Truthfully, you would also need a spotter for that. StatCrew requires that you enter the play-by-play of the game, which requires that you watch every play, type what happens on every play, and be quick on your feet with the codes that the program requires.

I don't recommend using stats software without a spotter, especially in a sport like basketball.

Very true on the spotter.

You may also have limited space in a high school gym, especially if there isn't room at the scorers table.
 
It is not perfect by any means, and it is not free either, but DaksStats could work for you.
 
Ugh. Don't get me started on high school scorekeepers. Was at a game last nite, wanted to double-check my running totals against the scorebook after the game. Blocks?
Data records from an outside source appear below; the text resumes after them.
Lemma ln_ps_step_eq P z : 0 < P z ->
  ln (1 - e) + ln (a * P z + 1 - a) <= ln (ps_step a e P z z).
Proof.
move=> Pz; rewrite /ps_step eqxx.
have aPz : 0 < a * P z by rewrite mulr_gt0.
have eaPz : 0 <= e * (a * P z) by rewrite mulr_ge0 // ltW.
have Z_gt0 : 0 < a * P z + 1 - a by rewrite -addrA addr_gt0 ?subr_gt0.
have e1_gt0 : 0 < 1 - e by rewrite subr_gt0.
rewrite -lnM ?posrE // ler_ln ?posrE ?mulr_gt0 //; first by lra.
by rewrite addr_gt0 // mulr_gt0 ?subr_gt0.
Qed.

Lemma cross_entropy_ps_step_le w P z :
  (forall x, 0 <= w x) -> (forall x, 0 < P x) ->
  cross_entropy w (ps_step a e P z) <= cross_entropy w P
    + w z * (ln (P z) - ln (ps_step a e P z z)) + (\sum_x w x - w z) * ln a^-1.
Proof.
move=> w_ge0 P_gt0; rewrite /cross_entropy (bigD1 z) //= [X in _ <= X + _ + _](bigD1 z) //=.
rewrite [\sum_x w x](bigD1 z) //=.
have : \sum_(x | x != z) w x * - ln (ps_step a e P z x)
       <= \sum_(x | x != z) (w x * - ln (P x) + w x * ln a^-1).
  apply: ler_sum => x xz; rewrite -mulrDr ler_wpM2l //.
  by have := ln_ps_step_neq xz (P_gt0 x); lra.
rewrite big_split /= -mulr_suml; lra.
Qed.

Lemma neglog_ps_step_le P q z : (forall x, 0 < P x) -> is_dist q -> 0 < q z ->
  - ln (P z) <= - ln (q z) + ps_rate N a e
    + (cross_entropy (fun=> 1) P - cross_entropy (fun=> 1) (ps_step a e P z))
    + (ln a^-1)^-1 * (cross_entropy q P - cross_entropy q (ps_step a e P z)).
Proof.
move=> P_gt0 q_dist qz_gt0; have [q_ge0 q1] := q_dist.
have qz_le1 := dist_le1 z q_dist.
have Phi_step := cross_entropy_ps_step_le (fun=> 1) P z (fun=> ler01) P_gt0.
have Psi_step := cross_entropy_ps_step_le q P z q_ge0 P_gt0.
have a01 : 0 < a < 1 by rewrite a_gt0 a_lt1.
have smooth := ln_smoothing_ge a01 (P_gt0 z) qz_gt0.
have obs := ln_ps_step_eq P z (P_gt0 z).
rewrite sumr_const card_ord in Phi_step; rewrite q1 in Psi_step.
rewrite /ps_rate; set P' := ps_step a e P z in Phi_step Psi_step obs *.
have lnV_gt0 : 0 < ln a^-1 by rewrite ln_gt0 // invf_gt1.
have le_ge0 : 0 <= ln (1 - e)^-1 by rewrite ln_ge0 // invf_ge1 ?subr_gt0 // lerBlDr lerDl.
rewrite -[ln (1 - e)]opprK -lnV ?posrE ?subr_gt0 // in obs.
set l := ln a^-1 in lnV_gt0 Phi_step Psi_step smooth *; set le := ln (1 - e)^-1 in le_ge0 obs *.
set s := q z / l in smooth.
have s_ge0 : 0 <= s by rewrite divr_ge0 // ltW.
have s_le : s <= l^-1 by rewrite ler_piMl // invr_ge0 ltW.
have obs_scaled := ler_wpM2l (addr_ge0 ler01 s_ge0) obs.
have s_rate_le : s * le <= l^-1 * le by rewrite ler_wpM2r.
have Psi_gain : s * (ln (P' z) - ln (P z)) - (1 - q z)
          <= l^-1 * (cross_entropy q P - cross_entropy q P').
  have -> : s * (ln (P' z) - ln (P z)) - (1 - q z)
            = l^-1 * (q z * (ln (P' z) - ln (P z)) - (1 - q z) * l).
    by rewrite /s; field; rewrite gt_eqF.
  by apply: ler_wpM2l; [rewrite invr_ge0 ltW | lra].
have rate_leN : le <= N%:R * le by rewrite ler_peMl // ler1n ltnW.
rewrite [le / l]mulrC; lra.
Qed.

End ProbabilitySmoothing.

Lemma PS_take_succ (R : realType) (N T : nat) (a e : R) (p : 'I_N -> R)
    (xs : T.-tuple 'I_N) (t : 'I_T) :
  PS a e p (take t.+1 xs) = ps_step a e (PS a e p (take t xs)) (tnth xs t).
Proof.
by rewrite (take_nth (tnth xs t)) ?size_tuple // /PS foldl_rcons -tnth_nth.
Qed.

Lemma smoothing_floor_bounds {R : realType} {N : nat} {e : R} :
  (2 <= N)%N -> 0 <= e <= 1 - N%:R^-1 -> e / N%:R <= e / (N%:R - 1) <= 1 - e.
Proof.
move=> N_ge2 /andP[e_ge0 e_le]; have N_gt1 : (1 : R) < N%:R by rewrite ltr1n.
have N_gt0 : (0 : R) < N%:R by lra.
have N1_gt0 : (0 : R) < N%:R - 1 by rewrite subr_gt0.
apply/andP; split; rewrite ler_pdivrMr //.
  by rewrite mulrAC ler_pdivlMr // mulrBr mulr1 gerBl.
rewrite -subr_ge0; have -> : (1 - e) * (N%:R - 1) - e = N%:R * (1 - N%:R^-1 - e).
  by field; rewrite gt_eqF.
by rewrite mulr_ge0 ?subr_ge0 // ltW.
Qed.

Section SmoothingFloor.
Context {R : realType} {N : nat} {a e : R} {p : 'I_N -> R}.
Hypotheses (N_ge2 : (2 <= N)%N) (a_bnd : 0 <= a <= 1) (e_bnd : 0 <= e <= 1 - N%:R^-1).
Hypothesis p_ge : forall x, e / (N%:R - 1) <= p x.
Implicit Type h : seq 'I_N.

Lemma PS_floor_ge h x : e / N%:R <= PS a e p h x.
Proof.
have /andP[floor_ge floor_le] := smoothing_floor_bounds N_ge2 e_bnd.
exact: le_trans floor_ge (PS_ge a e p h a_bnd floor_le p_ge x).
Qed.

Lemma PS_dist h : \sum_x p x = 1 -> is_dist (PS a e p h).
Proof.
move=> p1; split; last exact: PS_sum1.
move=> x; apply: le_trans (PS_floor_ge h x); case/andP: e_bnd => e_ge0 _.
by rewrite divr_ge0.
Qed.

Hypothesis e_gt0 : 0 < e.

Let floor_gt0 : 0 < e / N%:R.
Proof. by rewrite divr_gt0 // ltr0n ltnW. Qed.

Lemma PS_gt0 h x : 0 < PS a e p h x.
Proof. exact: lt_le_trans floor_gt0 (PS_floor_ge h x). Qed.

Lemma neglog_PS_bounds h x : \sum_x p x = 1 ->
  0 <= - ln (PS a e p h x) <= ln (N%:R / e).
Proof.
move=> p1; have PS_gt0_hx := PS_gt0 h x.
rewrite oppr_ge0 ln_le0 ?(dist_le1 x (PS_dist h p1)) //= -invf_div lnV ?posrE //.
by rewrite lerN2 ler_ln ?posrE // PS_floor_ge.
Qed.

End SmoothingFloor.

Lemma telescope_segment (V : zmodType) (T : nat) (u : nat -> V) a b :
  (a <= b <= T)%N -> \sum_(t < T | (a <= t < b)%N) (u t - u t.+1) = u a - u b.
Proof.
case/andP=> ab bT.
have -> : u a - u b = \sum_(a <= t < b) (u t - u t.+1).
  by rewrite -opprB -telescope_sumr // -sumrN; apply: eq_bigr => t _; rewrite opprB.
by rewrite (big_nat_widen _ _ T xpredT) // big_geq_mkord; apply: eq_bigl => t /=; rewrite andbC.
Qed.

Section Segments.
Context {T n : nat} {tb : nat -> nat}.
Hypotheses (tb0 : tb 0 = 0%N) (tbn : tb n = T).
Hypothesis tb_mono : forall k, (k < n)%N -> (tb k <= tb k.+1)%N.

Lemma segment_end_le k : (k <= n)%N -> (tb k <= T)%N.
Proof.
suff tb_le d j : (j + d)%N = n -> (tb j <= tb n)%N.
  by move=> kn; rewrite -tbn (tb_le (n - k)%N) ?subnKC.
elim: d j => [|d IH] j jd; first by rewrite -jd addn0.
have jn : (j < n)%N by rewrite -jd addnS ltnS leq_addr.
by apply: leq_trans (tb_mono _ jn) _; apply: IH; rewrite addSnnS.
Qed.

Lemma sum_segments (V : nmodType) (f : 'I_T -> V) :
  \sum_(k < n) \sum_(t < T | (tb k <= t < tb k.+1)%N) f t = \sum_t f t.
Proof.
suff prefix m : (m <= n)%N ->
    \sum_(k < m) \sum_(t < T | (tb k <= t < tb k.+1)%N) f t
    = \sum_(t < T | (t < tb m)%N) f t.
  by rewrite prefix // tbn; apply: eq_bigl => t; rewrite ltn_ord.
elim: m => [|m IH] mn; first by rewrite big_ord0 tb0 big_pred0.
rewrite big_ord_recr /= IH ?(ltnW mn) // [RHS](bigID (fun t : 'I_T => (t < tb m)%N)) /=.
have := tb_mono _ mn => tb_m; congr (_ + _); apply: eq_bigl => t; apply/idP/idP; lia.
Qed.

Lemma sum_segments_telescope (R : pzRingType) (g : nat -> 'I_T -> R) (A c : R)
    (u : nat -> R) (v : nat -> nat -> R) :
  \sum_(k < n) \sum_(t < T | (tb k <= t < tb k.+1)%N)
      (g k t + A + (u t - u t.+1) + c * (v k t - v k t.+1))
  = \sum_(k < n) \sum_(t < T | (tb k <= t < tb k.+1)%N) g k t + A * T%:R
    + (u 0%N - u T) + c * \sum_(k < n) (v k (tb k) - v k (tb k.+1)).
Proof.
rewrite (eq_bigr (fun k : 'I_n => \sum_(t < T | (tb k <= t < tb k.+1)%N) g k t
    + \sum_(t < T | (tb k <= t < tb k.+1)%N) A
    + \sum_(t < T | (tb k <= t < tb k.+1)%N) (u t - u t.+1)
    + c * (v k (tb k) - v k (tb k.+1)))) => [|k _]; last first.
  rewrite !big_split /= -mulr_sumr telescope_segment // tb_mono //=.
  exact: segment_end_le.
have tele : \sum_(t < T) (u t - u t.+1) = u 0%N - u T.
  rewrite -(big_mkord xpredT (fun t => u t - u t.+1)) -opprB -telescope_sumr // -sumrN.
  by apply: eq_bigr => t _; rewrite opprB.
rewrite !big_split /= -mulr_sumr !sum_segments tele sumr_const card_ord mulr_natr.
by rewrite big_split.
Qed.

End Segments.

Lemma telescope_segments_le (R : realDomainType) (n : nat) (b : nat -> nat)
    (v : nat -> nat -> R) (M : R) (d : nat -> R) :
  0 <= M -> (forall k j, (k < n)%N -> 0 <= v k j <= M) ->
  (forall k j, (k.+1 < n)%N -> v k.+1 j - v k j <= d k.+1) ->
  \sum_(k < n) (v k (b k) - v k (b k.+1)) <= M + \sum_(1 <= k < n) d k.
Proof.
move=> M_ge0 v_bnd v_lip.
have prefix i : (i < n)%N ->
    \sum_(k < i.+1) (v k (b k) - v k (b k.+1)) + v i (b i.+1)
    <= M + \sum_(1 <= k < i.+1) d k.
  elim: i => [|i IH] i_lt.
    rewrite big_ord_recr big_ord0 big_geq //= add0r subrK addr0.
    by have /andP[] := v_bnd 0%N (b 0%N) i_lt.
  rewrite big_ord_recr big_nat_recr //=.
  by have := IH (ltnW i_lt); have := v_lip i (b i.+1) i_lt; lra.
case: n v_bnd v_lip prefix => [|n] v_bnd _ prefix; first by rewrite big_ord0 big_geq ?addr0.
by have := prefix n (ltnSn n); have /andP[] := v_bnd n (b n.+1) (ltnSn n); lra.
Qed.

Section CrossEntropy.
Context {R : realType} {N : nat}.
Implicit Types (w P : 'I_N -> R) (M : R).

Lemma cross_entropy_bounds w P M : is_dist w ->
  (forall x, 0 <= - ln (P x) <= M) -> 0 <= cross_entropy w P <= M.
Proof.
case=> w_ge0 w1 P_bnd; rewrite /cross_entropy; apply/andP; split.
  by apply: sumr_ge0 => x _; rewrite mulr_ge0 //; case/andP: (P_bnd x).
rewrite -[M]mul1r -w1 mulr_suml; apply: ler_sum => x _.
by rewrite ler_wpM2l //; case/andP: (P_bnd x).
Qed.

Lemma cross_entropyBl_le w w' P M : (forall x, 0 <= - ln (P x) <= M) ->
  cross_entropy w' P - cross_entropy w P <= M * \sum_x `|w' x - w x|.
Proof.
move=> P_bnd; rewrite /cross_entropy -sumrB mulr_sumr; apply: ler_sum => x _.
have /andP[P_ge0 P_le] := P_bnd x.
rewrite -mulrBl mulrC (le_trans (ler_wpM2l P_ge0 (ler_norm _))) //.
by rewrite ler_wpM2r.
Qed.

Lemma cross_entropy1_ge {P} : (0 < N)%N -> (forall x, 0 < P x) -> \sum_x P x = 1 ->
  N%:R * ln N%:R <= cross_entropy (fun=> 1) P.
Proof.
move=> N_gt0 P_gt0 P1.
have : \sum_x (ln N%:R + ln (P x)) <= \sum_x (N%:R * P x - 1).
  apply: ler_sum => x _; rewrite -lnM ?posrE ?ltr0n //.
  by apply: ln_le_subr1; rewrite mulr_gt0 ?ltr0n.
rewrite big_split /= sumrB -mulr_sumr P1 !sumr_const card_ord => sum_ln_le.
rewrite /cross_entropy (eq_bigr (fun x => - ln (P x))) => [|x _]; last exact: mul1r.
by rewrite sumrN mulr_natl; lra.
Qed.

End CrossEntropy.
Nope, "we don't keep that." (Even though one kid on the team is ALL ABOUT blocked shots... no offense to speak of, but he's a defensive staple.) How about turnovers, of which I counted 24 by one craptastic team? "Nope."

Egads.
 
To be fair to scorebook lads and ladies everywhere, that is precisely what they keep track of -- the score. Besides fouls (which can get you put out of the game) and participation (ditto, if done incorrectly), no reason for the scorer to care about anything but buckets.
 
I think they were talking about the student statkeepers that sit on the end of the team's bench. Not the scorekeeper, who sits at the official scorers table.


At any rate, trust your own stats. You likely pay more attention or know more about statkeeping. Most coaches get their official stats off the tape anyway.